How to complete this task>
Which of the lines below contain the string "mpoly"? Copy each one.

───── Records shown

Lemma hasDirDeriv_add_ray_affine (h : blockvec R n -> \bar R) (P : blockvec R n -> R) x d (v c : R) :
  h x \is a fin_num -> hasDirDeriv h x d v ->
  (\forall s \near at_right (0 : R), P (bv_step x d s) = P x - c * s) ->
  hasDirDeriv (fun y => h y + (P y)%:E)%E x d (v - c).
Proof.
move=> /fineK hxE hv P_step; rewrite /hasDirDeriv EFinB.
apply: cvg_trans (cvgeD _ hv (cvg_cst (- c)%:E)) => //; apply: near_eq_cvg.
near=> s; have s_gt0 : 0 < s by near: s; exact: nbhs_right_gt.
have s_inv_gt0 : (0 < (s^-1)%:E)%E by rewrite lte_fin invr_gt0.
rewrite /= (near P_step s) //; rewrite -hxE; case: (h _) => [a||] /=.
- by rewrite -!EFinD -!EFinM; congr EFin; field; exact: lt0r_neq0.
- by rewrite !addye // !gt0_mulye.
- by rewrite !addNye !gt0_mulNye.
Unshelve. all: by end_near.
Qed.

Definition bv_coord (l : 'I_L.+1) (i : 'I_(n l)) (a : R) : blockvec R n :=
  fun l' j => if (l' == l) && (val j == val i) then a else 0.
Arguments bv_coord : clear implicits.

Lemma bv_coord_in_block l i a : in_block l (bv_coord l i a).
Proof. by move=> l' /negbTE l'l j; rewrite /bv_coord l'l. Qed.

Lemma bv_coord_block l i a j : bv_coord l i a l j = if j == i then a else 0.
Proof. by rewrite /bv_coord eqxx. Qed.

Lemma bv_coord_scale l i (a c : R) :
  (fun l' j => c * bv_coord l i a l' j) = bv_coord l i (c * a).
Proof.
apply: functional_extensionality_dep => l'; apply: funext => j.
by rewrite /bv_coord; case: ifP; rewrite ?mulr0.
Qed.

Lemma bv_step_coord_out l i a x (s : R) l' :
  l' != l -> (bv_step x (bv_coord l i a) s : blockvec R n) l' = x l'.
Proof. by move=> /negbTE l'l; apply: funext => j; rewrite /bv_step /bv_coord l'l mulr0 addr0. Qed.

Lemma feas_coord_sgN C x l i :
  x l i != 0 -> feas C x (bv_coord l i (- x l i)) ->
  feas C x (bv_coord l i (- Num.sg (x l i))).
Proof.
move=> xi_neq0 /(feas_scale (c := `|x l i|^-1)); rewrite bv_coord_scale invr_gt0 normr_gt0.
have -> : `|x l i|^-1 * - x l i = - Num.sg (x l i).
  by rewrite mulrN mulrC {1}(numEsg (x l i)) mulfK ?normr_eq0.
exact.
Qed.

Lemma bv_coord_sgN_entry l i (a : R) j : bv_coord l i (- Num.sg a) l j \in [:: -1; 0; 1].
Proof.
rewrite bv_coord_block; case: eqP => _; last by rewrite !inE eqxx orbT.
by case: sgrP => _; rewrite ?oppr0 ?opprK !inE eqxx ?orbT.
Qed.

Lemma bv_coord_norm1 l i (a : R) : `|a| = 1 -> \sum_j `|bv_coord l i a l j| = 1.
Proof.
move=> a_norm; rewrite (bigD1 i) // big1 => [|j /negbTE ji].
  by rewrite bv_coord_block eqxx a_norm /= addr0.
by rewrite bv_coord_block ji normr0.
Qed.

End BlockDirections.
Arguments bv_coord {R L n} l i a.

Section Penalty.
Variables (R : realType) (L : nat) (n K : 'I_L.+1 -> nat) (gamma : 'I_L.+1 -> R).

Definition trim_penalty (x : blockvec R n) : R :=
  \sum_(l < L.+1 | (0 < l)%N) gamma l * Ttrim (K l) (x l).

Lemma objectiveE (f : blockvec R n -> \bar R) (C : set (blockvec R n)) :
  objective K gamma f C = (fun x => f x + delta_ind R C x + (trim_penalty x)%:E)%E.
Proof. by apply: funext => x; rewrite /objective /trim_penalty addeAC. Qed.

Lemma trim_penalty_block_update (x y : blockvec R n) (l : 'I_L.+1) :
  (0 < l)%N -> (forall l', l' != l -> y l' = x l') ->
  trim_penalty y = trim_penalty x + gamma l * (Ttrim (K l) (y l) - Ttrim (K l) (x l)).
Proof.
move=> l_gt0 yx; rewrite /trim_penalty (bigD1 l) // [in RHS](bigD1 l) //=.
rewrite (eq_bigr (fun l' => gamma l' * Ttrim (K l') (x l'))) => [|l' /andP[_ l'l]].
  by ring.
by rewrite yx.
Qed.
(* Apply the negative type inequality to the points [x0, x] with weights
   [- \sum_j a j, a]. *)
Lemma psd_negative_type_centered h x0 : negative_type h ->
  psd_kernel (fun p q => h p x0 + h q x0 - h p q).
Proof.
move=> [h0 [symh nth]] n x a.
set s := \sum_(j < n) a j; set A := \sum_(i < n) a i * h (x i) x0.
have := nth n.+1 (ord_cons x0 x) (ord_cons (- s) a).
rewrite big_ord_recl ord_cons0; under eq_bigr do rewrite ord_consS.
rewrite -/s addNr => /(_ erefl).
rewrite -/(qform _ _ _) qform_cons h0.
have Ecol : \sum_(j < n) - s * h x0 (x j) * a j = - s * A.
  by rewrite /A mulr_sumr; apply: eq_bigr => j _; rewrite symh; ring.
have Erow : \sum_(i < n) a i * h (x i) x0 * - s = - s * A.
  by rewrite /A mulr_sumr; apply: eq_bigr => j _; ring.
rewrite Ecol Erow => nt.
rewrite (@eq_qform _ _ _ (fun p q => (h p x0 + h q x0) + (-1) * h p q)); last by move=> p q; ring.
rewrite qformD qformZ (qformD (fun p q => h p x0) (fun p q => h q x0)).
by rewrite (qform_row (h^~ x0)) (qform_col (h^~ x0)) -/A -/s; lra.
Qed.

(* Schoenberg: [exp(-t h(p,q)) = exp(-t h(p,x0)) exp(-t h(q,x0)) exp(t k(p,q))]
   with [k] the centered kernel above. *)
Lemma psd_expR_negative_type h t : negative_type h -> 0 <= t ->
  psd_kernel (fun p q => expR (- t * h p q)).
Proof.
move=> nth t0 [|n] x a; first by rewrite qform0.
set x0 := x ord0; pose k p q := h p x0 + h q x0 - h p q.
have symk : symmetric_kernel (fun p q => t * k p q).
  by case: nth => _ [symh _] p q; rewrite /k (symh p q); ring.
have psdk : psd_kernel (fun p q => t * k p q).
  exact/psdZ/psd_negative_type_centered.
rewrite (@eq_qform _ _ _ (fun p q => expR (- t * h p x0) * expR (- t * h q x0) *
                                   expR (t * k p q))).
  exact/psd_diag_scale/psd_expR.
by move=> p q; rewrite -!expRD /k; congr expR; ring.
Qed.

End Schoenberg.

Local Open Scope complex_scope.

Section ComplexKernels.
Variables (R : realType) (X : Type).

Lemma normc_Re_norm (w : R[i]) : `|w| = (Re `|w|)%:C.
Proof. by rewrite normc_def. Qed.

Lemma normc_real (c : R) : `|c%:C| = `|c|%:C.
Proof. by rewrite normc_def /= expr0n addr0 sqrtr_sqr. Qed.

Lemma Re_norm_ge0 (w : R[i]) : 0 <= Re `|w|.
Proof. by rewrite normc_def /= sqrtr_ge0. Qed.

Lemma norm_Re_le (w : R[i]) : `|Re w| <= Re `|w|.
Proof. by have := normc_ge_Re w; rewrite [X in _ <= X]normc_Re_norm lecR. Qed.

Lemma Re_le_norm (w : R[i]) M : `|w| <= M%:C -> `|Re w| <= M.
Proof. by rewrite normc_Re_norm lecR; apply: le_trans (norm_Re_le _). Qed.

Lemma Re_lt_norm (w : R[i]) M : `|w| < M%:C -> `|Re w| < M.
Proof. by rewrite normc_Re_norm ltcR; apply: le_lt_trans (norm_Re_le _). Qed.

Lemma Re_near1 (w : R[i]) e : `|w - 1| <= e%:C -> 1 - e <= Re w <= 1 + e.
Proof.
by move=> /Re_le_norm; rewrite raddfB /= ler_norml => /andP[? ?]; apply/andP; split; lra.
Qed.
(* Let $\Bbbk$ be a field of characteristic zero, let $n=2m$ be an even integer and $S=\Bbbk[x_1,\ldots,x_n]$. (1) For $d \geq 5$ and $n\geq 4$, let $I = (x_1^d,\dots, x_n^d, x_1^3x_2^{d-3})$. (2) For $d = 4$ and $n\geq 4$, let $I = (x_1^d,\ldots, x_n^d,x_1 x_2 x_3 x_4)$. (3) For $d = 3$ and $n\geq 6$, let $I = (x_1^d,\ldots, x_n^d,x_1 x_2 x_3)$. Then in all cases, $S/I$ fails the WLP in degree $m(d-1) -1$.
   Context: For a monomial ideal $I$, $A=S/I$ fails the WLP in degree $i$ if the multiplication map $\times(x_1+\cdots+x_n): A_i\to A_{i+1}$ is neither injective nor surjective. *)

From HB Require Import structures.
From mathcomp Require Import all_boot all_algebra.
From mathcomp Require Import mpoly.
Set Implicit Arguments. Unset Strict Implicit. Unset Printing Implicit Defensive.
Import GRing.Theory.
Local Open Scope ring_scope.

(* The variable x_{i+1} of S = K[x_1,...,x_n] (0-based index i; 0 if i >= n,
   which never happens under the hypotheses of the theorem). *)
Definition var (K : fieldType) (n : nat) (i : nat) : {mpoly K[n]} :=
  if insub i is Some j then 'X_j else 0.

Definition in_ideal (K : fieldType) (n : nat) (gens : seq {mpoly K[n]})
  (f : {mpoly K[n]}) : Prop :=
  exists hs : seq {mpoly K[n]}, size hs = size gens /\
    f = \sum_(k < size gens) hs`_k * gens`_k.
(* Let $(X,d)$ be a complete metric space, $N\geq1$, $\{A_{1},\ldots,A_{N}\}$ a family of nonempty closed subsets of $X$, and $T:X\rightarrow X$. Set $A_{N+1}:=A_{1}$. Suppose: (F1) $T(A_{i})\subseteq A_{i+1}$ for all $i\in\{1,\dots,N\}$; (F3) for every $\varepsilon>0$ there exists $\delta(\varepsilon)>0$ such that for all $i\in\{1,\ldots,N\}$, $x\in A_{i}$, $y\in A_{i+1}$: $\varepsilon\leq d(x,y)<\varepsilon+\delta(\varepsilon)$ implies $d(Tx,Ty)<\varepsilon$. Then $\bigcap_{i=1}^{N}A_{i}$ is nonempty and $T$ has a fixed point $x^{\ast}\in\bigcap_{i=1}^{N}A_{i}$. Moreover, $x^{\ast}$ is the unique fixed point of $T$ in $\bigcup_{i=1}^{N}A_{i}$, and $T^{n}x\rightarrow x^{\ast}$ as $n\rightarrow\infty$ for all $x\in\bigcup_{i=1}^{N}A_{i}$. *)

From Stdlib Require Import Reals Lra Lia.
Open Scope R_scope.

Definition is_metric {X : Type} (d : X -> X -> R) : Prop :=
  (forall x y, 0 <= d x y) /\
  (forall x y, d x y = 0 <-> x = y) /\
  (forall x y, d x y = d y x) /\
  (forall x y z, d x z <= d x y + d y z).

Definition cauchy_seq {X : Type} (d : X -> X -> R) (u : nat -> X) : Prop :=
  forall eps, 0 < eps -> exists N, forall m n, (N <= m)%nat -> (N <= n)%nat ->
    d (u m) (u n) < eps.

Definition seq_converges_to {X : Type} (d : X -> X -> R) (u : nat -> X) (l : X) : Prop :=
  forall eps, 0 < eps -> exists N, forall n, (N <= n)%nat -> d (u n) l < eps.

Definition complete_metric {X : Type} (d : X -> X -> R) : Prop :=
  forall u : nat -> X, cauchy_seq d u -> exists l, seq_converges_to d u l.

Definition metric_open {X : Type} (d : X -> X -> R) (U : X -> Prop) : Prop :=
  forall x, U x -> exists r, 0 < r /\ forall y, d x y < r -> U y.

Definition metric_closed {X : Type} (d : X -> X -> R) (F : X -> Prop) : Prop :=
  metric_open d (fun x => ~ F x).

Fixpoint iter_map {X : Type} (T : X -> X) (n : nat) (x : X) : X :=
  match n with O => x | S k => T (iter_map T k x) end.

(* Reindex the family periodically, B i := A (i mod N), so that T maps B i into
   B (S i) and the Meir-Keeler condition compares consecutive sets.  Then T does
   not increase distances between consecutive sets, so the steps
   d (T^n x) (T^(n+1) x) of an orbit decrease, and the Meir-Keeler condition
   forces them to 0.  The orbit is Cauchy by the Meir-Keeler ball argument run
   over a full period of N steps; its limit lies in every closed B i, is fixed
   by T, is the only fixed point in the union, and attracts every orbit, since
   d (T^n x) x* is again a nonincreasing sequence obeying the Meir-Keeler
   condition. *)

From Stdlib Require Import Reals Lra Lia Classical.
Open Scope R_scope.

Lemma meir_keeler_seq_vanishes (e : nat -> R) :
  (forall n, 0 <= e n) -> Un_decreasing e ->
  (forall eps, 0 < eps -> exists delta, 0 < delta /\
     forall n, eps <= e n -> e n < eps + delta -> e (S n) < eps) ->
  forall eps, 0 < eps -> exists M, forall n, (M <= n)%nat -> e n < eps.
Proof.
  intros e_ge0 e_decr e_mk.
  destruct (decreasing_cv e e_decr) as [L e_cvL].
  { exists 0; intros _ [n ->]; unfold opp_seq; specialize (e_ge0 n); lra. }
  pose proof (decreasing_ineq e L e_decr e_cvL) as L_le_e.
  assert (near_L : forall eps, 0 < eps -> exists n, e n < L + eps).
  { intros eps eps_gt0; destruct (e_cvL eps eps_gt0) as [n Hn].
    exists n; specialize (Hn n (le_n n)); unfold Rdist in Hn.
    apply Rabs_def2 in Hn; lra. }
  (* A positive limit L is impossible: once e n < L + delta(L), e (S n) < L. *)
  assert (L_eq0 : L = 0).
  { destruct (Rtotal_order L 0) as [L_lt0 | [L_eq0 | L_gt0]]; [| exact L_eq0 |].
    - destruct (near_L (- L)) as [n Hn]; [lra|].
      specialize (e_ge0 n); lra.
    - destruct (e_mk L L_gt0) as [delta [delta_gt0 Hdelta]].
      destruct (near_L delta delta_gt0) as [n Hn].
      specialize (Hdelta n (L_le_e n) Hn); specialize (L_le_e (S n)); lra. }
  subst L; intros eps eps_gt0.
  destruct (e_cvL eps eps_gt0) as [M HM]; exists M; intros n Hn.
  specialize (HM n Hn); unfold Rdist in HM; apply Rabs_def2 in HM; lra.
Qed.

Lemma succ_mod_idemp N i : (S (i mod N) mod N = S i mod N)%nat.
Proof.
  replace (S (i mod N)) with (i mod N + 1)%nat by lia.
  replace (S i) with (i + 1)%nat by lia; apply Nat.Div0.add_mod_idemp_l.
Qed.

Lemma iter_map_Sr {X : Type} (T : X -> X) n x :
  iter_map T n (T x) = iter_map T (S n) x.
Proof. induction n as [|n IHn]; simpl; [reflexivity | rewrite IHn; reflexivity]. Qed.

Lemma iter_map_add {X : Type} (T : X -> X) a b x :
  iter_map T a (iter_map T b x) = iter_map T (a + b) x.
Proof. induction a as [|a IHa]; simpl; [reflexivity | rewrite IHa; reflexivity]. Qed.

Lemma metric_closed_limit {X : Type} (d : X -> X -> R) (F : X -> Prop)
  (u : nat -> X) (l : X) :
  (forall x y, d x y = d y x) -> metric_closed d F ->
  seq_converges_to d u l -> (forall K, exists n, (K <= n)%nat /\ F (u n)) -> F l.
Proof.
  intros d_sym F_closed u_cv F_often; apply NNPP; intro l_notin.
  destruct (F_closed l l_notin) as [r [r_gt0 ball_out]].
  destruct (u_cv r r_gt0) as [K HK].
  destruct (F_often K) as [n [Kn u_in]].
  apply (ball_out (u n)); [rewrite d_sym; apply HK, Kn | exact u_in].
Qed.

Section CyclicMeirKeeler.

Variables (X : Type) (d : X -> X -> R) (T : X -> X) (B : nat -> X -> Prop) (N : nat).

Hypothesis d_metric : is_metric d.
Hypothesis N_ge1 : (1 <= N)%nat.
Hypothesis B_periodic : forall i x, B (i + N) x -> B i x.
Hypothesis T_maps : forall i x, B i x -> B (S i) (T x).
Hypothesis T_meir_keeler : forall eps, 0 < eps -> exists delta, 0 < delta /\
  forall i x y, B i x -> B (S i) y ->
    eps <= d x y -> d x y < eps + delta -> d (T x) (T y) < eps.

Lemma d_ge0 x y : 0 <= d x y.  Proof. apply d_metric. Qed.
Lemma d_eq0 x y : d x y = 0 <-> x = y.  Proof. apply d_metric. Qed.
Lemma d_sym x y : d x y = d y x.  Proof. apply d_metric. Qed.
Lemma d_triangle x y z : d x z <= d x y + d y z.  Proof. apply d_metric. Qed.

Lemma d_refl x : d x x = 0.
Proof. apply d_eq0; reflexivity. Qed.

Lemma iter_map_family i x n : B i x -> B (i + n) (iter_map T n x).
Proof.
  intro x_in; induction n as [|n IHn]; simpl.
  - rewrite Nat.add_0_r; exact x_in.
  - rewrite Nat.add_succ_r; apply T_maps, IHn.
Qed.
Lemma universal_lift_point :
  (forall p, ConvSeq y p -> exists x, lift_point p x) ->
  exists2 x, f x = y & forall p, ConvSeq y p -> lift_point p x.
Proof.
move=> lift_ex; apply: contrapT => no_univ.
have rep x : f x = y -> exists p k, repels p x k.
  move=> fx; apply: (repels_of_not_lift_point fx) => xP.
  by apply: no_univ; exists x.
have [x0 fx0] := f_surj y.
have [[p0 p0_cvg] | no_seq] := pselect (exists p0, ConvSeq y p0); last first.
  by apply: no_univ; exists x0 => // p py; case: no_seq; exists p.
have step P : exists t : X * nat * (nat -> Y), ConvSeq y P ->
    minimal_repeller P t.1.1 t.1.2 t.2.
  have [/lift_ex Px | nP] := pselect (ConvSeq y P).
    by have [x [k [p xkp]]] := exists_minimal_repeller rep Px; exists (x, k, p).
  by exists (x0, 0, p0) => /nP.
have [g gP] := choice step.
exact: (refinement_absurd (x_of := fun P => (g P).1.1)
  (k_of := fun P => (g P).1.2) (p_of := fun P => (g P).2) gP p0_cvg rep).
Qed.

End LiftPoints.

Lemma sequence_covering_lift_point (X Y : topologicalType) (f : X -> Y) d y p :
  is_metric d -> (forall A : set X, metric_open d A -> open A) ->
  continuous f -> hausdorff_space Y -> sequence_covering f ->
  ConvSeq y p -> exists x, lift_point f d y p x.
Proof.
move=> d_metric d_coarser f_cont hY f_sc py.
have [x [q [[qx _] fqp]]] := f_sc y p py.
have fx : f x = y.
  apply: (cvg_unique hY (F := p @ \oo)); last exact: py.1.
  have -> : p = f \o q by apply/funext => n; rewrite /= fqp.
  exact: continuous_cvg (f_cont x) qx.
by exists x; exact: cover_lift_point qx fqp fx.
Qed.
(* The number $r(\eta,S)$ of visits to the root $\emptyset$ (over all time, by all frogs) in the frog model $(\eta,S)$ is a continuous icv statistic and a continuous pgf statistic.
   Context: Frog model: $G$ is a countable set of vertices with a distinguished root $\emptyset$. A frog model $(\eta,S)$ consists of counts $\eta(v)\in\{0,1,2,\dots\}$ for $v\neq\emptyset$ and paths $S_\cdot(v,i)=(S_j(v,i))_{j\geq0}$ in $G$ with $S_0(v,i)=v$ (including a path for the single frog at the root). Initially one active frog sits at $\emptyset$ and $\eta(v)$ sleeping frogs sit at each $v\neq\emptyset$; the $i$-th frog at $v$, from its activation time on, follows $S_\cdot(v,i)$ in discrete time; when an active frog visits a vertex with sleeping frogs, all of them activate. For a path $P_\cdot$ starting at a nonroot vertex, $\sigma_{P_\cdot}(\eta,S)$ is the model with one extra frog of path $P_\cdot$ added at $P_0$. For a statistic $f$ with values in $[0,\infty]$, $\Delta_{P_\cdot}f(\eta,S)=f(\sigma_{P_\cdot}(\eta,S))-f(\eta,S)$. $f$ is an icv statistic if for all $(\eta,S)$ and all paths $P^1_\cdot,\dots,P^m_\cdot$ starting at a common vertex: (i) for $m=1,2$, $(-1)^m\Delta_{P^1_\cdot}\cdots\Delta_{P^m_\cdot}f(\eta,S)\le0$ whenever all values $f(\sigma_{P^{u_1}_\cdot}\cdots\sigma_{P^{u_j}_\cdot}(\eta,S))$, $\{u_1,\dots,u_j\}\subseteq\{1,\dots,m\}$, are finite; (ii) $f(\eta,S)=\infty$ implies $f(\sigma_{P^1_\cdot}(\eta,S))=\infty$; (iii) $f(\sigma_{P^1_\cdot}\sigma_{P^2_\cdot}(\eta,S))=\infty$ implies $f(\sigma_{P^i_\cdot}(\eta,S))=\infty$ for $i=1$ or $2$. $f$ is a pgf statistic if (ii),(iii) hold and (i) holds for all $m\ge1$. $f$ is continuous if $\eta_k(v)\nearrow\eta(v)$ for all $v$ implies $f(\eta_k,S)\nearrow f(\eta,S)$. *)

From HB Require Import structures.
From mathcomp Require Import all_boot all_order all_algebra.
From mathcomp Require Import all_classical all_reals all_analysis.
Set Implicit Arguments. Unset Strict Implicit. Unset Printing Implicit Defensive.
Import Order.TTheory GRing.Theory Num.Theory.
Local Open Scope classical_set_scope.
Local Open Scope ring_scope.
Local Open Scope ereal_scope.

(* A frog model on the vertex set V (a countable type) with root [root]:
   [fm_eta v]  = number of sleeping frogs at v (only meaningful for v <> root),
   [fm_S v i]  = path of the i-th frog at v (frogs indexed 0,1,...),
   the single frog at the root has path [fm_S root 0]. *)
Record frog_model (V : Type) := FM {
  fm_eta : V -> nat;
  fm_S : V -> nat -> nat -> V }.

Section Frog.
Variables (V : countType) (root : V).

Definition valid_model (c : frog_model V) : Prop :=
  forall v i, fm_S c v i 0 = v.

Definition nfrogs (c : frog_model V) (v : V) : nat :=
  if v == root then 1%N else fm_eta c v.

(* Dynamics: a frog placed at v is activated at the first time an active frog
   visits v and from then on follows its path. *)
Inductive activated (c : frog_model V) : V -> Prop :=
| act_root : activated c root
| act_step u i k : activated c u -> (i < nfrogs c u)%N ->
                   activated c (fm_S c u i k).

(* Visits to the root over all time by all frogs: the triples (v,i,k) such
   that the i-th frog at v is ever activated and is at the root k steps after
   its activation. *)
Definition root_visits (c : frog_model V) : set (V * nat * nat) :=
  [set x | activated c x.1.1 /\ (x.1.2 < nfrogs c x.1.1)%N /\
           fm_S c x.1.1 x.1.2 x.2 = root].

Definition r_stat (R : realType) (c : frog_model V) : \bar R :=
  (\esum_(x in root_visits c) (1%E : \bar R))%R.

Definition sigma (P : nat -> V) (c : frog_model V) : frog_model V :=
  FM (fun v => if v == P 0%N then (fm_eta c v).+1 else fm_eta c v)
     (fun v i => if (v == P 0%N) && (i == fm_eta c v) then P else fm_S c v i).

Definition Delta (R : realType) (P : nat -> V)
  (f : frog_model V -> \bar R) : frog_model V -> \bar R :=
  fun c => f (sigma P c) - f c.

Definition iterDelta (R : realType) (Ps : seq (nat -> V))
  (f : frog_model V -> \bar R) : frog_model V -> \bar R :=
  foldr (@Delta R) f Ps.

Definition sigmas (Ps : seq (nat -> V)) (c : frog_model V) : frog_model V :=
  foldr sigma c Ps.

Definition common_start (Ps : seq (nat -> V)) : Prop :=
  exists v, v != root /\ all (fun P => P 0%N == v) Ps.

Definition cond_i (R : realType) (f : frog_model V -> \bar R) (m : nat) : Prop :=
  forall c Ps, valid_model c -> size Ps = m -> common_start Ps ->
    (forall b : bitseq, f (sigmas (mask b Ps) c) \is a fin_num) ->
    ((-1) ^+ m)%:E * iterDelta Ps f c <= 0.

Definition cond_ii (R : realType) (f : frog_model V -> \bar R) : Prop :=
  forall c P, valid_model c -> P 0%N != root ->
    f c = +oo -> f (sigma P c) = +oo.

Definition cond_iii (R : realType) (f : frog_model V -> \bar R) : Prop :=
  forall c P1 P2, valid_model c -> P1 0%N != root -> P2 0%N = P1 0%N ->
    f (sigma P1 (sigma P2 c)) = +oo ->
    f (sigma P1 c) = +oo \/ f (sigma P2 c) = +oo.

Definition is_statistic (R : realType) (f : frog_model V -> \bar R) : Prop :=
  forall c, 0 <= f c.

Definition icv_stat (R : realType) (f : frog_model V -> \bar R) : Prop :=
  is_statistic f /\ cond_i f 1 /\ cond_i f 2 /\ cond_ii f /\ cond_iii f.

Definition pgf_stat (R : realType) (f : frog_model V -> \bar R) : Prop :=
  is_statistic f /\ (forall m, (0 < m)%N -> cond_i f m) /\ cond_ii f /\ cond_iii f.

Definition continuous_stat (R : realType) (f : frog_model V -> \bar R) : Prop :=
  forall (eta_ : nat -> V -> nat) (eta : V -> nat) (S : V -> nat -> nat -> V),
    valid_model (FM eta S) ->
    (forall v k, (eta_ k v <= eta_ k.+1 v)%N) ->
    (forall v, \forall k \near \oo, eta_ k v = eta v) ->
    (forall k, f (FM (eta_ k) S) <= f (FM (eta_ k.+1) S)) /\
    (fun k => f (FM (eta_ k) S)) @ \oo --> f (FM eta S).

──────────

Task result>
From mathcomp Require Import mpoly.
Definition var (K : fieldType) (n : nat) (i : nat) : {mpoly K[n]} :=
Definition in_ideal (K : fieldType) (n : nat) (gens : seq {mpoly K[n]})
  (f : {mpoly K[n]}) : Prop :=
  exists hs : seq {mpoly K[n]}, size hs = size gens /\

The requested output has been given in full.